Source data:
*** Block opens ***

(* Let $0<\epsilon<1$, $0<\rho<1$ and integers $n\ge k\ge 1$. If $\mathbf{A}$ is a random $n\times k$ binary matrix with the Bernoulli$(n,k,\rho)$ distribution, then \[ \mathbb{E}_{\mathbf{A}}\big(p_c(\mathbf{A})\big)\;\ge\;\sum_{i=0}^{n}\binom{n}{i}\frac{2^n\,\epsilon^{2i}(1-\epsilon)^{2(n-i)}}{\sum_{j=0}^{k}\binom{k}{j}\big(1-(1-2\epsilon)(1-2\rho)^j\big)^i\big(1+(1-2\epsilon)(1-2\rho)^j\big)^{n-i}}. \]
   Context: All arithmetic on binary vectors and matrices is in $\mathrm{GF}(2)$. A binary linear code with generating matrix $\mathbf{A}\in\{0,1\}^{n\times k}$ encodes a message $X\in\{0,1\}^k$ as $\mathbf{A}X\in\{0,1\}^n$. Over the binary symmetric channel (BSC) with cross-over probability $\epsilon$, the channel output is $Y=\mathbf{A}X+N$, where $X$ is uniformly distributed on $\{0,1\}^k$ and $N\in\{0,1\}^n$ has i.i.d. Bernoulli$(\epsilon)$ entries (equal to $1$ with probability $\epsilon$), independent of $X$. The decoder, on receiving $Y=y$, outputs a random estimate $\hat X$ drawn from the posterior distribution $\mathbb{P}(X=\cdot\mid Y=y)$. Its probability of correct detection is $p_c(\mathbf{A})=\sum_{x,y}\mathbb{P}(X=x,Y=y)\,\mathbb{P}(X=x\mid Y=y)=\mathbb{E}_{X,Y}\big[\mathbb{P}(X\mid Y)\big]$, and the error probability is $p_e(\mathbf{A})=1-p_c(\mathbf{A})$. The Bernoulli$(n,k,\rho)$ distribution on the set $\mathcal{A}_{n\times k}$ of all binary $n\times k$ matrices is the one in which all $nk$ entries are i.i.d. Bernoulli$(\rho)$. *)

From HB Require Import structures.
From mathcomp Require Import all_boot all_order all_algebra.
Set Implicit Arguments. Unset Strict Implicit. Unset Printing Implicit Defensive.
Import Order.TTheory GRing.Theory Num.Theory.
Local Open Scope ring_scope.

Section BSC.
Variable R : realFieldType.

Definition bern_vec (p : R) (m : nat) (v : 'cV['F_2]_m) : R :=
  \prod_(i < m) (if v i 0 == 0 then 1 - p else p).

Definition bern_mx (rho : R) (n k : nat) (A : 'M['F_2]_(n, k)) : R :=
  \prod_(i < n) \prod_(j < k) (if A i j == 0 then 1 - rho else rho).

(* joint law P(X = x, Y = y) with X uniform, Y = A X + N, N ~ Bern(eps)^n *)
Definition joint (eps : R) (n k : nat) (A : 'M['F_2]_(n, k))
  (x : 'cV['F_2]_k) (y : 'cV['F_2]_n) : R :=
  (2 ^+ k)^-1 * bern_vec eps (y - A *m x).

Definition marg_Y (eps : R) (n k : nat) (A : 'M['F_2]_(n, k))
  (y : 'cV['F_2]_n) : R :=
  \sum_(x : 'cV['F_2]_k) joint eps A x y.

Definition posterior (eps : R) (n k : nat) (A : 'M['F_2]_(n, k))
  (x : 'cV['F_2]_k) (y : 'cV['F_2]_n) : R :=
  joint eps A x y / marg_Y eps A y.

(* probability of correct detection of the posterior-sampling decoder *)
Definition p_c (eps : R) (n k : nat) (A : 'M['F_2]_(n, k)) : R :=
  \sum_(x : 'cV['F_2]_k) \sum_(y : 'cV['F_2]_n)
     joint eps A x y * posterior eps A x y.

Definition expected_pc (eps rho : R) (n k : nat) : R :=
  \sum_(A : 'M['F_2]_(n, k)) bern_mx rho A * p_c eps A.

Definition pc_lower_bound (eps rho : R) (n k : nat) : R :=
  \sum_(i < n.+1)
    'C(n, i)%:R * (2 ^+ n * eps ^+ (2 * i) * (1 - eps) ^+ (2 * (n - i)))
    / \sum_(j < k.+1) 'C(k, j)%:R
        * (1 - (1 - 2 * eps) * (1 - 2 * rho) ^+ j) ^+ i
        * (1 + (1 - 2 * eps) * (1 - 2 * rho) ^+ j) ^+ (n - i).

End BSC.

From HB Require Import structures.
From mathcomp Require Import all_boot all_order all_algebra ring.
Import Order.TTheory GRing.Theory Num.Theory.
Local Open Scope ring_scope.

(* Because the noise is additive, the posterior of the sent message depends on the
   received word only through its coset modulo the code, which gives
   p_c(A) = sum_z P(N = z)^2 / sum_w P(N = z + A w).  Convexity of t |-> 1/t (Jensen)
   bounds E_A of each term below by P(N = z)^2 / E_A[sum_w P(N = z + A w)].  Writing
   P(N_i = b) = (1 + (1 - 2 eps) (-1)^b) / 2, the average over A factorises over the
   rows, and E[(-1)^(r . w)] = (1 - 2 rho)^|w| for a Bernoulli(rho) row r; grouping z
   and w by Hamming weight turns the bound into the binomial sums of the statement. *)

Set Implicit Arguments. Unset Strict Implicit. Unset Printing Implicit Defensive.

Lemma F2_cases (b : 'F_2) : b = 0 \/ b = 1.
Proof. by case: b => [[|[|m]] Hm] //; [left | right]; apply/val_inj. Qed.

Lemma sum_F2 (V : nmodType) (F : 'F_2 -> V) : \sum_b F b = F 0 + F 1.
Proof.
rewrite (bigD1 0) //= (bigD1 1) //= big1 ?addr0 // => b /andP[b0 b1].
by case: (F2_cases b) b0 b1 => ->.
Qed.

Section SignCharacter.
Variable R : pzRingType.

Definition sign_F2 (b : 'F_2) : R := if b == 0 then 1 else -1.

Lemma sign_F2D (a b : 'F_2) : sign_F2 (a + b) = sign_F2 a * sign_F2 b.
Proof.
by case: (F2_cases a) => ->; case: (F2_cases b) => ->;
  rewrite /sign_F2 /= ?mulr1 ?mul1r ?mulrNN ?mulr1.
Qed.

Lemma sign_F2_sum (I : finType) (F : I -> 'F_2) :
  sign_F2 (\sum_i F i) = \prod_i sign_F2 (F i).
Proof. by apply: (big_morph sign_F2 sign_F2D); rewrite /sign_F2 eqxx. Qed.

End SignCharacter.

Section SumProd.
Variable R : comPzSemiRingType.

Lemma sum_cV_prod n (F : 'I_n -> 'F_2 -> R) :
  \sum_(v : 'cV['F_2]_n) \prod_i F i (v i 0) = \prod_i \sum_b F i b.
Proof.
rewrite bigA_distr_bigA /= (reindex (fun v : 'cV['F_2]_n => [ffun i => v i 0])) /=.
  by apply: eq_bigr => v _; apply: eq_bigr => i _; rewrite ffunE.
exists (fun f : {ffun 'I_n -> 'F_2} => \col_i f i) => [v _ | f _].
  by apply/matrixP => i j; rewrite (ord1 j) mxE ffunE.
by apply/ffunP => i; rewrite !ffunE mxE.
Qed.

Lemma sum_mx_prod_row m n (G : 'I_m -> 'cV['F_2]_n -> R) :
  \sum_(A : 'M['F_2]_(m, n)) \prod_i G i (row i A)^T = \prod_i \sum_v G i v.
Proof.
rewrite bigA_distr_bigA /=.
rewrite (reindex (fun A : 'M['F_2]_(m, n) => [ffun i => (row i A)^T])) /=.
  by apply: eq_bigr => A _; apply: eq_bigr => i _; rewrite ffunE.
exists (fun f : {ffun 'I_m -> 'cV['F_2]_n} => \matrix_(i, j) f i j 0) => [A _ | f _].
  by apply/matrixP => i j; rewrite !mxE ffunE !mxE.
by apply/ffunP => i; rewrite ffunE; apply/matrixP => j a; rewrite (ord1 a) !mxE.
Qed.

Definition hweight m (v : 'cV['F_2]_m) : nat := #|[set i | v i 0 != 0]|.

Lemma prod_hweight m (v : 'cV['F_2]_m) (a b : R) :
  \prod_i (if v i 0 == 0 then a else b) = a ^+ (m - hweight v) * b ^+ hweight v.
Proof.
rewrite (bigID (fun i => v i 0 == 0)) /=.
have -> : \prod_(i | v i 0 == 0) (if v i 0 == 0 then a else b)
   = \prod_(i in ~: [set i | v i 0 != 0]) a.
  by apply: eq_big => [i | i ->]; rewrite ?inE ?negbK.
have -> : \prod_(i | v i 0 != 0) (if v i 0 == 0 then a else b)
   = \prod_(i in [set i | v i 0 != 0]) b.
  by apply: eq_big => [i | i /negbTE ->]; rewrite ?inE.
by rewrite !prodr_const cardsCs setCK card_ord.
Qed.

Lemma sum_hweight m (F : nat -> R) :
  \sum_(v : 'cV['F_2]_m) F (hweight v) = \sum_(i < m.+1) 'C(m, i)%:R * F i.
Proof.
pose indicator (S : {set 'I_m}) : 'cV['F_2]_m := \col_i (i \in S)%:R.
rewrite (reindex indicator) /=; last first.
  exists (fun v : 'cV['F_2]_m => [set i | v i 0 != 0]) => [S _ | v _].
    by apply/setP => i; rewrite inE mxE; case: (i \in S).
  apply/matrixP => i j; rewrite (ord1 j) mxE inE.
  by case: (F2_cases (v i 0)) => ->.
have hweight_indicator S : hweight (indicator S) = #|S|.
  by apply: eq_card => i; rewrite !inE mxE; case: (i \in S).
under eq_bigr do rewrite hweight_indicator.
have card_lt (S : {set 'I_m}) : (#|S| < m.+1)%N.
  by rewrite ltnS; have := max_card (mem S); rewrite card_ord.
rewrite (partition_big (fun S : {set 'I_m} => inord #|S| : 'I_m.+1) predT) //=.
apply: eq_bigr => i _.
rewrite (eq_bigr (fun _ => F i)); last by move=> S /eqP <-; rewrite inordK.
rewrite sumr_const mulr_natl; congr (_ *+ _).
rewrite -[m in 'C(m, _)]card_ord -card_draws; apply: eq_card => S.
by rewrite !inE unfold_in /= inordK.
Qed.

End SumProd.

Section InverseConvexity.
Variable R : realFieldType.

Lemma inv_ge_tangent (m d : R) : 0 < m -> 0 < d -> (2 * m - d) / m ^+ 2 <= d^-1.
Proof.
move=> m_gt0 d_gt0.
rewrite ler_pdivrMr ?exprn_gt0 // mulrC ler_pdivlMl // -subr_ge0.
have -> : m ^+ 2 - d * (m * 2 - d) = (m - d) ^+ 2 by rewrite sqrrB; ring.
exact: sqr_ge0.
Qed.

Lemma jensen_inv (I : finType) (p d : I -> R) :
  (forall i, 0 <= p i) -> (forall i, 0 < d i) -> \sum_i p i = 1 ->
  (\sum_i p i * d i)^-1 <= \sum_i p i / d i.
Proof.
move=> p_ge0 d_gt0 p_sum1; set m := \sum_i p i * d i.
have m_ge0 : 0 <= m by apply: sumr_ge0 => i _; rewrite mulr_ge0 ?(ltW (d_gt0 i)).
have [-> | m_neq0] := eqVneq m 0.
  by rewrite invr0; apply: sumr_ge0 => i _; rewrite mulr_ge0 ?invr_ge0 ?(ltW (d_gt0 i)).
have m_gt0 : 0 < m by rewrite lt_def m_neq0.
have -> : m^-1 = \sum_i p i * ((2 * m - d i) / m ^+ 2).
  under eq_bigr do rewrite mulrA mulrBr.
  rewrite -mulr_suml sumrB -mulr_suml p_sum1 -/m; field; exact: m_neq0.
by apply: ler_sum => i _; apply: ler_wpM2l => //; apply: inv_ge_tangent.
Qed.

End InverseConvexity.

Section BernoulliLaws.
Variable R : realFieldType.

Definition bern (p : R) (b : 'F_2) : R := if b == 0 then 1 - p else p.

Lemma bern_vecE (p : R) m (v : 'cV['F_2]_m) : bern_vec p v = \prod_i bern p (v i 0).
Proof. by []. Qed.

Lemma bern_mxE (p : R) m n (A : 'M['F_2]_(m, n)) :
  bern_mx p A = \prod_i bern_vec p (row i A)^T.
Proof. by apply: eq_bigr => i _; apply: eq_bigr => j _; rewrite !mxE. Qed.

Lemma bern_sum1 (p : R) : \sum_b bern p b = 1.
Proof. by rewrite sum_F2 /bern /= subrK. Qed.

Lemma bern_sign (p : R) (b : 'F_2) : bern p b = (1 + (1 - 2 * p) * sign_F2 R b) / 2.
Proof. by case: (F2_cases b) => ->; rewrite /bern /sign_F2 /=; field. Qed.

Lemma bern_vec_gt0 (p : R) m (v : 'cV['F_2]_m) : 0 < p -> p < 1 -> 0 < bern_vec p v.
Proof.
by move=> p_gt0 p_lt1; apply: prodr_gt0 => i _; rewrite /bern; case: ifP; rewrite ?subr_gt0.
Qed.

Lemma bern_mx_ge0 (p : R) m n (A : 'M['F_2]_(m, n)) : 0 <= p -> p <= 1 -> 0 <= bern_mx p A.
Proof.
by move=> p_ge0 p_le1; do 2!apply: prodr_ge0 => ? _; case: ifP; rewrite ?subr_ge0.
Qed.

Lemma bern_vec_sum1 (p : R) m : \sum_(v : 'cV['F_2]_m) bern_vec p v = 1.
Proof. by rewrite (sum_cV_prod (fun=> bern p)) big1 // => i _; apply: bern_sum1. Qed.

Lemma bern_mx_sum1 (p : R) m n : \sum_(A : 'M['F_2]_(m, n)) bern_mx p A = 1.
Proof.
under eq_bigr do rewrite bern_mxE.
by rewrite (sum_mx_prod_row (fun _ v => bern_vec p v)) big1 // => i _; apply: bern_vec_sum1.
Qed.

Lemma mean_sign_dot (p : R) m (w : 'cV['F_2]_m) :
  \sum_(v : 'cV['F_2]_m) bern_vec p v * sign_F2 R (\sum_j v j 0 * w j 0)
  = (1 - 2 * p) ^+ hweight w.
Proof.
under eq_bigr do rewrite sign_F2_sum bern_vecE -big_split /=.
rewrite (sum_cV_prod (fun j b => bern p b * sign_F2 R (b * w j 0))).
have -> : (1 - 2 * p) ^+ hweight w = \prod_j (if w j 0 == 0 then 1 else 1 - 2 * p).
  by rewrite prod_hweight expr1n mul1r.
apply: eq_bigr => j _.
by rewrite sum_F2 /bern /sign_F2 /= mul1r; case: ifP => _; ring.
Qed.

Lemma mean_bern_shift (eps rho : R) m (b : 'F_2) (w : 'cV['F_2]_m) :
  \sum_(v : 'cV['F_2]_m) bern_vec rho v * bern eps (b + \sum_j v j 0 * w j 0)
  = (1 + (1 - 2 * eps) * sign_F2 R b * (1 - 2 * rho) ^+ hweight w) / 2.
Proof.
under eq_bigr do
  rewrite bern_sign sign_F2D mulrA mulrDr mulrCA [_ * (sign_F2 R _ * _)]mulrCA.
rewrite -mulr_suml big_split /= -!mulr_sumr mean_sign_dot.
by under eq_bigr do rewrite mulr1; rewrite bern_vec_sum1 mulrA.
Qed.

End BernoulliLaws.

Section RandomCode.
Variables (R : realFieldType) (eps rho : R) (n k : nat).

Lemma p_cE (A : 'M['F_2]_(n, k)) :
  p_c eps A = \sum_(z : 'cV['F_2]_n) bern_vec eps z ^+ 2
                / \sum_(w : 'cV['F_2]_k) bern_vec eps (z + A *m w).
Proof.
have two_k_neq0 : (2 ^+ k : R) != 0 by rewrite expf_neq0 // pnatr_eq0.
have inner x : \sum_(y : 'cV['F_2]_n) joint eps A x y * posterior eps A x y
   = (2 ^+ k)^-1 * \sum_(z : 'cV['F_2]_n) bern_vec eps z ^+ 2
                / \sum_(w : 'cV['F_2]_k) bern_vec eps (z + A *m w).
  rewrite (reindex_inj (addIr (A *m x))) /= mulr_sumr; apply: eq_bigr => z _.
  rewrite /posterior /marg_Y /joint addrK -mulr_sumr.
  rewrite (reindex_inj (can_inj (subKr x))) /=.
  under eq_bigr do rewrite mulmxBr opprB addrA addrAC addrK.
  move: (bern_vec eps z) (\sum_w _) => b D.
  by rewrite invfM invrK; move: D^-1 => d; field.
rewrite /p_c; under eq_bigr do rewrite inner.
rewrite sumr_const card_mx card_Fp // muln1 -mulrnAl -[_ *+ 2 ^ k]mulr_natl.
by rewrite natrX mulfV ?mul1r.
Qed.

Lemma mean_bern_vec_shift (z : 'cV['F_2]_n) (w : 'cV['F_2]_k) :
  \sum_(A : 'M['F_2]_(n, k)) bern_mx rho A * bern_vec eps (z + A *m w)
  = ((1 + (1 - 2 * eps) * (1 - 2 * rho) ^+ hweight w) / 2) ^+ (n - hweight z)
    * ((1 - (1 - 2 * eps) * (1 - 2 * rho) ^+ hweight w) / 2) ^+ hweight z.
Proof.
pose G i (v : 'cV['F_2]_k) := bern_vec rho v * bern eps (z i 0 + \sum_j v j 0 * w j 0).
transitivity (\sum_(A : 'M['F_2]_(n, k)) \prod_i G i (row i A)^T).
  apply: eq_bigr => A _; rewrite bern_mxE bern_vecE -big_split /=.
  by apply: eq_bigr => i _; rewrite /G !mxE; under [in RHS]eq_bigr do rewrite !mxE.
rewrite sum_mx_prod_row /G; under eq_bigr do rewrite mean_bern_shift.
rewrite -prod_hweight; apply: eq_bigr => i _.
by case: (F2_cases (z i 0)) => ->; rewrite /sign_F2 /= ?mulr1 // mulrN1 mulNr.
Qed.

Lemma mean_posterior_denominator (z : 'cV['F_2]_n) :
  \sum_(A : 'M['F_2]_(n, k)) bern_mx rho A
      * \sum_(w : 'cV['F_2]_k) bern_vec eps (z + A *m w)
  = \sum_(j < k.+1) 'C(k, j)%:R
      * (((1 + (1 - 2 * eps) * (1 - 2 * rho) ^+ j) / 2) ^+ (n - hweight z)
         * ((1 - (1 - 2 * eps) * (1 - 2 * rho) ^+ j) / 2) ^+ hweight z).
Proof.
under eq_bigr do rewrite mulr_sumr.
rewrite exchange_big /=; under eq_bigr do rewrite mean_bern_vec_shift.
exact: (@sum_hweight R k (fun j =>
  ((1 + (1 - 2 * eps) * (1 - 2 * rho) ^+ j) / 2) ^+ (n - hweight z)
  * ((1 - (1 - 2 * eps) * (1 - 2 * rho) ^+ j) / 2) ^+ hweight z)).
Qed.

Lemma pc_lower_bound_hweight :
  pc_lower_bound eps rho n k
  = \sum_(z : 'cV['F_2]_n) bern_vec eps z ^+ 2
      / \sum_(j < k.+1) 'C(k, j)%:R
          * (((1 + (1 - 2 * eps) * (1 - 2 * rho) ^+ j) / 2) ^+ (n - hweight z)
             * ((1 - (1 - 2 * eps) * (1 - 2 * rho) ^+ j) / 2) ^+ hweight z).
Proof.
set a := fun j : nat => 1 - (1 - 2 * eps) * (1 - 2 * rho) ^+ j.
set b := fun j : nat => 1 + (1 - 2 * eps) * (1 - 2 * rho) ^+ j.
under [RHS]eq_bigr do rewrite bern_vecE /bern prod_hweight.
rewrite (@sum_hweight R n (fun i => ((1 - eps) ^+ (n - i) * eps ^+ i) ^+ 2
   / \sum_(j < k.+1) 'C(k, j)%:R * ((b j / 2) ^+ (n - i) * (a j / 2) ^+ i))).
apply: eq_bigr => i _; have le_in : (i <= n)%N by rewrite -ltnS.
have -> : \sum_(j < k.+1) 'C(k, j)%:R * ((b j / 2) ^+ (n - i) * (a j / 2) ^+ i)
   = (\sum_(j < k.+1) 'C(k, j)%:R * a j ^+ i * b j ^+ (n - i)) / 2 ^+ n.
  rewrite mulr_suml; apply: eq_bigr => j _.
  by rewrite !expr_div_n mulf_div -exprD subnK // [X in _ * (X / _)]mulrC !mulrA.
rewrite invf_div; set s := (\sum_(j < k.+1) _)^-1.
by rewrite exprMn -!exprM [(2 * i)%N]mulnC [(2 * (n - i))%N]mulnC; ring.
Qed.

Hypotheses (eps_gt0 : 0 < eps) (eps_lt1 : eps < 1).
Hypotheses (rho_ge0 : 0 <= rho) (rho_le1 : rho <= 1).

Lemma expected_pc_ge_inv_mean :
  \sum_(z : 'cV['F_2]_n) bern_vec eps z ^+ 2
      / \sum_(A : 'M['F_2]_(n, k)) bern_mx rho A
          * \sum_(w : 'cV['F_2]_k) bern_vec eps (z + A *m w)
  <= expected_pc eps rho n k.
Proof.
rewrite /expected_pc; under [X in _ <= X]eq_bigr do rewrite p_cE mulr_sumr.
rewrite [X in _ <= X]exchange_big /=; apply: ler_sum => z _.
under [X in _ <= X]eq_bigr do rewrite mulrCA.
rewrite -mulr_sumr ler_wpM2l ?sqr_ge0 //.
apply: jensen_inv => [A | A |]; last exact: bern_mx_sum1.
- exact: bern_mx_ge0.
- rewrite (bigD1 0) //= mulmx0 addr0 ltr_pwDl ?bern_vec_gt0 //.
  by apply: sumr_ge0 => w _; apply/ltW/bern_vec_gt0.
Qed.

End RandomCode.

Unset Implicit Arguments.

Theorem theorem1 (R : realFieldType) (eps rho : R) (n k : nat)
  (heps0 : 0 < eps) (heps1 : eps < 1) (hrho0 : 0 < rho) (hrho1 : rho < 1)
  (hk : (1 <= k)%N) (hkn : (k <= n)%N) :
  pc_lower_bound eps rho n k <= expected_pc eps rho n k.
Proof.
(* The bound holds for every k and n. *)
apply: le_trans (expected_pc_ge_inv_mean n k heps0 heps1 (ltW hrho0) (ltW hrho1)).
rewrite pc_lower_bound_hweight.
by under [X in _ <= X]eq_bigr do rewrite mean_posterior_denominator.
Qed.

*** Block closes ***

Exercise objective: Print, from the entries above, the line with "j) f i j 0)", the line with "by apply: eq_big => [i | i ->];" and all lines between them, exactly and with nothing else.

Output of the exercise:
exists (fun f : {ffun 'I_m -> 'cV['F_2]_n} => \matrix_(i, j) f i j 0) => [A _ | f _].
  by apply/matrixP => i j; rewrite !mxE ffunE !mxE.
by apply/ffunP => i; rewrite ffunE; apply/matrixP => j a; rewrite (ord1 a) !mxE.
Qed.

Definition hweight m (v : 'cV['F_2]_m) : nat := #|[set i | v i 0 != 0]|.

Lemma prod_hweight m (v : 'cV['F_2]_m) (a b : R) :
  \prod_i (if v i 0 == 0 then a else b) = a ^+ (m - hweight v) * b ^+ hweight v.
Proof.
rewrite (bigID (fun i => v i 0 == 0)) /=.
have -> : \prod_(i | v i 0 == 0) (if v i 0 == 0 then a else b)
   = \prod_(i in ~: [set i | v i 0 != 0]) a.
  by apply: eq_big => [i | i ->]; rewrite ?inE ?negbK.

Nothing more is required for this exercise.